Is the current set of parks sufficient for the next quarter century?
In the next decade, Universal Orlando will open the first wholly-new theme park in Central Florida since its own Islands of Adventure in 1999. Disney will not have opened a new theme park in the Sunshine State for over 20 years.
Disney will tell you that this is, in fact, illustrative of the key difference between it and Universal. While Universal is fighting a battle in Florida that it cannot win, Disney’s eyes are far beyond the horizon — eyeing international expansion unlike any other entertainment enterprise. While Universal remade itself in Florida around Harry Potter, Disney built an entirely new resort in Shanghai, China.
When you look at what Disney is doing, a new park seems to be low on the list of priorities. In Orlando, the company has been taking a park-by-park look at renovating each gate — first with Animal Kingdom, then Disney’s Hollywood Studios, and now with Epcot. Elsewhere, revamps of Disney’s California Adventure and potentially Walt Disney Studios in Paris signal that Disney is largely done expanding.
But, ultimately, that decision will be left up to the new CEO. Will they be content with the current set of parks? Will they want to grow any one resort with a new gate? Will they want to open an entirely new resort somewhere in the world, or even on US soil? The answer to this question will define the theme parks in the 21st century — and only one person will be able to answer it. Too bad we don’t yet know who it is.
What happens in a recession?
Three years into Bob Iger’s tenure as Disney CEO, the world was plunged into a global financial meltdown. The 2008 financial crisis devastated most of the world’s economies — particularly in sectors that live off of discretionary spending. Disney certainly was hurt by the Great Recession, but not as badly as you might think.
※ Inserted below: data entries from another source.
Lemma abs_eigenvector_edge s t : e s t -> `|x 0 s| <= r * `|x 0 t|.
Proof.
move=> est; rewrite -abs_eigenvector_col (bigD1 s) //= mxE est mulr1 lerDl.
by apply: sumr_ge0 => u _; rewrite mulr_ge0 ?adjmx_ge0.
Qed.

Lemma eigenvector_neq0 t : x 0 t != 0.
Proof.
apply: contra x_neq0 => /eqP xt0; apply/eqP/rowP => u; rewrite mxE.
pose zero := [pred v | x 0 v == 0].
have zero_closed : closed e zero.
  suff zero_edge v w : e v w -> x 0 w = 0 -> x 0 v = 0.
    move=> v w evw; rewrite !inE.
    by apply/eqP/eqP => [/zero_edge->|/zero_edge->] //; rewrite e_sym.
  move=> evw xw0; apply/normr0_eq0/le_anti; rewrite normr_ge0 andbT.
  by have := abs_eigenvector_edge evw; rewrite xw0 normr0 mulr0.
by have := closed_connect zero_closed (e_conn t u); rewrite !inE xt0 eqxx => /esym/eqP.
Qed.

Lemma eigenvector_phase s t :
  e s t -> x 0 s / `|x 0 s| * phi s t = lam / r * (x 0 t / `|x 0 t|).
Proof.
move=> est; have xs_pos : 0 < `|x 0 s| by rewrite normr_gt0 eigenvector_neq0.
have xt_neq0 : `|x 0 t| != 0 by rewrite normr_eq0 eigenvector_neq0.
have r_neq0 : r != 0.
  apply: contraTneq (abs_eigenvector_edge est) => ->.
  by rewrite mul0r; apply/negP => /(lt_le_trans xs_pos); rewrite ltxx.
(* Equality in |sum_u x_u A_ut| <= sum_u |x_u| A(G)_ut: all x_u A_ut share one phase. *)
have [tau _ tauE] : {tau : R[i] | `|tau| == 1 &
    forall u, xpredT u -> x 0 u * gain_adj e phi u t = `|x 0 u * gain_adj e phi u t| * tau}.
  apply: normC_sum_eq; rewrite eigenvector_col normrM lam_r -abs_eigenvector_col.
  by apply: eq_bigr => u _; rewrite normrM norm_gain_adj.
have tau_eq : lam * x 0 t = r * `|x 0 t| * tau.
  rewrite -eigenvector_col -abs_eigenvector_col mulr_suml.
  by apply: eq_bigr => u _; rewrite tauE // normrM norm_gain_adj.
have := tauE s isT; rewrite normrM norm_gain_adj // !mxE est mulr1 => xs_eq.
rewrite mulrAC xs_eq mulrAC divff ?mul1r ?lt0r_neq0 //.
by rewrite mulf_div tau_eq mulrAC divff ?mul1r // mulf_neq0.
Qed.

End PerronPhase.

Lemma spectral_radius_closed_walk_gain (R : rcfType) n (e : rel 'I_n)
    (phi : 'I_n -> 'I_n -> R[i]) r a p :
  symmetric e -> (forall i j, connect e i j) -> is_T_gain e phi ->
  is_spectral_radius (adjmx e) r -> is_spectral_radius (gain_adj e phi) r ->
  path e a p -> last a p = a -> walk_gain phi a p ^+ 2 = 1.
Proof.
move=> e_sym e_conn phiT [_ r_max] [[lam /eigenvalueP[x x_eigen x_neq0] lam_r] _].
have x_entry_neq0 := eigenvector_neq0 e_sym e_conn phiT r_max x_eigen x_neq0 lam_r.
apply: (phase_closed_walk_gain_sqr (T_gain_inv phiT) (T_gain_neq0 phiT) e_sym
         (u := fun s => x 0 s / `|x 0 s|)).
  by move=> s; rewrite mulf_neq0 ?invr_eq0 ?normr_eq0 ?x_entry_neq0.
exact: (eigenvector_phase e_sym e_conn phiT r_max x_eigen x_neq0 lam_r).
Qed.

Definition edge_twist (F : fieldType) n (a b : 'I_n) (z : F) (s t : 'I_n) : F :=
  if (s == a) && (t == b) then z else if (s == b) && (t == a) then z^-1 else 1.

Lemma edge_twist_T_gain (R : rcfType) n (e : rel 'I_n) (a b : 'I_n) (z : R[i]) :
  a != b -> `|z| = 1 -> is_T_gain e (edge_twist a b z).
Proof.
move=> ab z1 s t _; rewrite /edge_twist [(t == a) && _]andbC [(t == b) && _]andbC.
case: ifP => [/andP[/eqP-> /eqP->]|_]; first by rewrite z1 (negPf ab).
by case: ifP => _; rewrite ?normfV ?z1 ?invr1 ?invrK ?normr1.
Qed.

Lemma closed_walk_twisted_gain (R : rcfType) n (e : rel 'I_n) (z : R[i]) :
  has_cycle e -> `|z| = 1 ->
  exists phi : 'I_n -> 'I_n -> R[i], is_T_gain e phi /\
    exists a p, [/\ path e a p, last a p = a & walk_gain phi a p = z].
Proof.
move=> [cyc [size_cyc [cyc_e uniq_c]]] z1.
case: cyc size_cyc cyc_e uniq_c => [|a [|b [|c q]]] // _ cyc_e uniq_c.
move: uniq_c; rewrite !cons_uniq !in_cons !negb_or.
move=> /andP[/and3P[ab ac aq] /andP[/andP[bc bq] _]].
exists (edge_twist a b z); split; first exact: edge_twist_T_gain ab z1.
exists a, [:: b, c & rcons q a]; split=> //; first by rewrite /= last_rcons.
have twist1 s t : s != a -> s != b -> edge_twist a b z s t = 1.
  by move=> /negPf sa /negPf sb; rewrite /edge_twist sa sb.
rewrite /= walk_gain_rcons1 => [|s t]; last first.
  by rewrite inE => /predU1P[->|sq]; apply: twist1; [rewrite eq_sym|rewrite eq_sym|
    apply: contraNneq aq => <-|apply: contraNneq bq => <-].
by rewrite /edge_twist !eqxx (eq_sym b) (negPf ab) /= (eq_sym c a) (negPf ac) !mulr1.
Qed.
In part, this was due to the marginal insulation of the nation’s wealthiest from the downside risk of such a catastrophic recession. It was also due, in part, to the resilience of the American need for entertainment. And so, swimming against the curve, Disney bought Marvel in 2009 for $4 billion. That investment paid off wildly, but it was hardly considered a slam dunk at the time it happened.
Iger’s response to economic disaster put the company in an even stronger financial position after the crash than it was in prior to it. Compare that to Michael Eisner, who was wholly unprepared for the recession of 2001 — which ultimately set in motion the events that would lead to his ouster.
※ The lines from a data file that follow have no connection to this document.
Lemma homn_rec n x : homn n x = hom_rec n x.
Proof.
rewrite -(coef_prod_geom_poly x (leqnn n)) (big_nth 0) big_mkord /geom_poly.
rewrite bigA_distr_bigA /= coef_sum /homn big_mkcond /=.
apply: eq_bigr => e _.
have -> : \prod_(i < size x) ((nth 0 x i) ^+ e i *: 'X^(e i)) =
   (\prod_(i < size x) (nth 0 x i) ^+ e i)%:P * 'X^(\sum_(i < size x) (e i : nat)).
  rewrite -prodrXr rmorph_prod -big_split /=.
  by apply: eq_bigr => i _; rewrite mul_polyC.
by rewrite coefCM coefXn eq_sym; case: eqP => _; rewrite ?mulr1 ?mulr0.
Qed.

Lemma hom_rec_perm n x y : perm_eq x y -> hom_rec n x = hom_rec n y.
Proof. by move=> pxy; rewrite -!(coef_prod_geom_poly _ (leqnn n)) (perm_big _ pxy). Qed.

Lemma hom_rec0 x : hom_rec 0 x = 1.
Proof. by elim: x => [|a X IH] //=; rewrite big_ord1 expr0 mul1r subn0. Qed.

Lemma hom_recS n a X : hom_rec n.+1 (a :: X) = hom_rec n.+1 X + a * hom_rec n (a :: X).
Proof.
rewrite /= big_ord_recl expr0 mul1r subn0; congr (_ + _).
rewrite mulr_sumr; apply: eq_bigr => k _.
by rewrite /bump /= subSS exprS mulrA.
Qed.

Lemma hom_rec_sub n a b X :
  (a - b) * hom_rec n (a :: b :: X) = hom_rec n.+1 (a :: X) - hom_rec n.+1 (b :: X).
Proof.
elim: n => [|n IH]; first by rewrite hom_rec0 mulr1 !hom_recS !hom_rec0 !mulr1; ring.
by rewrite hom_recS mulrDr mulrCA IH (hom_recS n.+1 a X) (hom_recS n.+1 b X); ring.
Qed.

Lemma hom_sub (m : int) (a b : F) (X : seq F) :
  (a - b) * Defs.hom m (a :: b :: X) = Defs.hom (m + 1) (a :: X) - Defs.hom (m + 1) (b :: X).
Proof.
case: m => [n|[|k]] /=.
- by rewrite addn1 !homn_rec hom_rec_sub.
- by rewrite subnn !homn_rec !hom_rec0 mulr0 subrr.
- by rewrite mulr0 subrr.
Qed.

Lemma hom_perm (m : int) (x y : seq F) : perm_eq x y -> Defs.hom m x = Defs.hom m y.
Proof. by case: m => [n|k] //= pxy; rewrite !homn_rec (hom_rec_perm _ pxy). Qed.

Lemma Hcol_perm N lam s (x y : seq F) (r : 'I_N) :
  perm_eq x y -> Hcol lam s x r = Hcol lam s y r.
Proof. by move=> pxy; rewrite /Hcol (hom_perm _ pxy). Qed.

Lemma Hcol_sub_cat N lam s (a b : F) (Z W : seq F) (r : 'I_N) :
  (a - b) * Hcol lam s (a :: Z ++ b :: W) r =
  Hcol lam s.+1 (a :: Z ++ W) r - Hcol lam s.+1 (Z ++ b :: W) r.
Proof.
have pb : perm_eq (Z ++ b :: W) (b :: Z ++ W) by rewrite -cat1s perm_catCA.
rewrite (Hcol_perm _ _ _ pb) (@Hcol_perm _ _ _ _ (a :: b :: Z ++ W)) ?perm_cons //.
rewrite /Hcol hom_sub.
by congr (Defs.hom _ _ - Defs.hom _ _); rewrite -[s.+1]addn1 PoszD; ring.
Qed.

End CompleteHomogeneous.

Section ColumnOperations.
Variables (R : comPzRingType) (N : nat).

Lemma det_scale_add_col n (M M' : 'M[R]_n) (j k : 'I_n) (a : R) : k != j ->
  (forall r c, c != j -> M' r c = M r c) ->
  (forall r, M' r j = a * M r j + M r k) -> \det M' = a * \det M.
Proof.
move=> hkj hc hj; rewrite -det_tr -[\det M]det_tr.
pose C := \matrix_(i, l) (if i == j then M l k else M l i).
rewrite (@determinant_multilinear _ _ _ M^T C j a 1).
- rewrite (@determinant_alternate _ _ C j k) ?mulr0 ?addr0 1?eq_sym //.
  by move=> l; rewrite !mxE eqxx (negbTE hkj).
- by apply/rowP => l; rewrite !mxE eqxx hj; ring.
- by apply/matrixP => i l; rewrite !mxE hc // eq_sym neq_lift.
- apply/matrixP => i l; have hl : lift j i != j by rewrite eq_sym neq_lift.
  by rewrite !mxE (negbTE hl) hc.
Qed.

Definition colsmx (h : nat -> 'I_N -> R) : 'M[R]_N := \matrix_(r, c) h c r.

Lemma eq_colsmx (h1 h2 : nat -> 'I_N -> R) :
  (forall c : 'I_N, h1 c =1 h2 c) -> colsmx h1 = colsmx h2.
Proof. by move=> e; apply/matrixP => r c; rewrite !mxE e. Qed.

(* Column t+j may use its right neighbour nb j because the sweep runs left to
   right, so that neighbour is still unchanged when column t+j is modified. *)
Lemma det_sweep (h h' : nat -> 'I_N -> R) (a : nat -> R) (nb : nat -> nat) (t p : nat) :
  (t + p <= N)%N ->
  (forall c, ~~ (t <= c < t + p)%N -> h' c = h c) ->
  (forall j, (j < p)%N -> (t + j < nb j < N)%N) ->
  (forall j, (j < p)%N -> h' (t + j)%N =1 (fun r => a j * h (t + j)%N r + h (nb j) r)) ->
  \det (colsmx h') = \prod_(j < p) a j * \det (colsmx h).
Proof.
move=> htp hout hnb hcol.
pose mix j c := if (t <= c < t + j)%N then h' c else h c.
have sweep j : (j <= p)%N -> \det (colsmx (mix j)) = \prod_(i < j) a i * \det (colsmx h).
  elim: j => [|j IH] hj.
    rewrite big_ord0 mul1r; congr (\det _).
    by apply: eq_colsmx => c r; rewrite /mix ifF //; lia.
  rewrite big_ord_recr /= [_ * a j]mulrC -mulrA -IH 1?ltnW //.
  have htj : (t + j < N)%N by lia.
  have /andP [hnbl hnbr] := hnb j hj.
  apply: (@det_scale_add_col _ _ _ (Ordinal htj) (Ordinal hnbr)).
  - by rewrite -val_eqE /=; lia.
  - move=> r c; rewrite -val_eqE /= => hc; rewrite !mxE /mix.
    by have -> : (t <= c < t + j.+1)%N = (t <= c < t + j)%N by lia.
  - move=> r; rewrite !mxE /mix /= ifT; last by lia.
    by rewrite ifF ?(@ifF _ (t <= nb j < _)%N) ?hcol //; lia.
rewrite -sweep //; congr (\det _); apply: eq_colsmx => c r; rewrite /mix.
by case: ifP => // hc; rewrite hout ?hc.
Qed.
Since the crash, the world economy has been in a boom state. In the US, we are experiencing record growth in that span — falling under two terms of a Democratic and one of a Republican president. But, eventually, the good ride will come to an end. They always do.
As of right now, Disney is positioning its theme parks as luxury experiences — a kind of Apple for entertainment. It’s expensive, yes — but what you get for the cost is a deluxe, high-end product that you won’t be able to get anywhere else. They don’t expect the majority of their guests to go back year-after-year. Instead, they expect them to go less often, but spend more each time.
That is a pretty radical shift from the theme park strategy of old, and it’s one that requires guests who have lots of money to spend. What happens if those wallets start to tighten slightly? What happens if the economy turns downward and what was once one of the great bargains in family entertainment prices itself out of the market? What is the theme park strategy when guests can’t afford to spend thousands on tickets, dining, resorts, hard-ticket events, upcharge experiences, and more?
This will be up to the next CEO to figure out. If they get it right, their tenure in the position could last as long as they want it to. If they get it wrong, it could be the beginning of the end both for them and the theme parks as we know them.